Doyen of linguistics
K. DAMODAR RAO
http://www.thehindu.com/arts/history-and-culture/article593622.ece
Bhadriraju Krishnamurty stands out as a cultural and linguistics icon.

The first World Classical Tamil Conference held at Coimbatore should be an eye-opener to other states and regional sub-cultures for asserting their language, heritage, history, ethos, and their tradition of music, dance and song.

One significant feature of the cultural extravaganza organized by Tamil Nadu was honouring a foreigner who attempted to establish links between ancient Tamil script and the so-far undeciphered Indus Valley script. There are many scholar-critics and cultural activists who contributed to the enrichment of Telugu language and culture and who took part vigorously in the campaign to make Telugu a classical language, a status accorded to Tamil.

It is in this context that one remembers the yeoman service rendered by the 82-year-old Prof. Bhadriraju Krishnamurty, better known as BHK in academic and literary circles. Doyen of linguistics and literary activism for over fifty years now, he was the driving force behind other Telugu litterateurs in disseminating the relevant information, collecting and collating the write-ups on the 2000-year-old inscriptions and presenting the needed data to the government with factual account to prove the ancestry of the Telugu language.

Born in Ongole in 1928, Dr.
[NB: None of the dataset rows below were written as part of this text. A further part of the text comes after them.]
Lemma elementary_partition_of_piecewise_affine f a b :
  piecewise_affine f a b -> exists s, elementary_partition f a b s.
Proof.
  intros [m [r Hsub]]. revert r Hsub.
  induction m as [m IH] using lt_wf_ind. intros r Hsub.
  destruct (classic (exists j, (1 <= j)%nat /\ (j < m)%nat /\
                       affine_on f (r (j - 1)%nat) (r (j + 1)%nat)))
    as [[j [Hj1 [Hjm Hja]]]|Hmax].
  - exact (IH (m - 1)%nat ltac:(lia) _ (affine_subdivision_drop f a b m r j Hsub Hj1 Hjm Hja)).
  - exists (map r (seq 0 (S m))). apply elementary_partition_of_maximal; [exact Hsub|].
    intros j Hj1 Hjm Hja. apply Hmax. eauto.
Qed.

Lemma affine_subdivision_of_elementary_partition f a b s :
  elementary_partition f a b s ->
  affine_subdivision f a b (length s - 1) (fun j => nth j s 0) /\
  (forall j, (1 <= j)%nat -> (j < length s - 1)%nat ->
     ~ affine_on f (nth (j - 1) s 0) (nth (j + 1) s 0)).
Proof.
  intros [Hlen [H0 [Hend [Hinc [Haff Hmax]]]]]. repeat split.
  - lia.
  - exact H0.
  - exact Hend.
  - intros j Hj. rewrite <- Nat.add_1_r. apply Hinc. lia.
  - intros j Hj. rewrite <- Nat.add_1_r. apply Haff. lia.
  - intros j Hj1 Hj. apply Hmax; lia.
Qed.

Lemma affine_subdivision_lt f a b m r j k : affine_subdivision f a b m r ->
  (j < k)%nat -> (k <= m)%nat -> r j < r k.
Proof.
  intros [_ [_ [_ [Hinc _]]]] Hjk. induction k as [|k IH]; [lia|]. intros Hk.
  destruct (Nat.eq_dec j k) as [->|Hne]; [apply Hinc; lia|].
  apply Rlt_trans with (r k); [apply IH; lia | apply Hinc; lia].
Qed.

Lemma affine_subdivision_le f a b m r j k : affine_subdivision f a b m r ->
  (j <= k)%nat -> (k <= m)%nat -> r j <= r k.
Proof.
  intros Hsub Hjk Hk. destruct (Nat.eq_dec j k) as [->|Hne]; [lra|].
  left. apply (affine_subdivision_lt f a b m); auto; lia.
Qed.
Bh. Krishnamurty took his Ph.D from University of Pennsylvania in 1957. For his contribution to Dravidian Linguistics, he received Hon Dlitt. from Sri Venkateswara University, Tirupati (1998), and Dravidian University, Kuppam (2007). Earlier, he worked as Professor of Linguistics (1962-88), Osmania University; Dean, Faculty of Arts (1973-6), Member, University Syndicate (71-75); Director, Southern Regional Centre, Indian Council of Social Science Research (1978-82); Vice-Chancellor of University of Hyderabad (1986-93).

BHK has written over 25 books and over 120 research papers, both in English and Telugu which include Telugu Verbal Bases: A Comparative and Descriptive Study, Comparative Dravidian Linguistics: Current Perspectives, The Dravidian Languages. Gold Nuggets: An Anthology of Selected Post-independence Telugu Short Stories in English Translation (ed. with C. Vijayasree).

One only wishes the saga of BHK continues forever.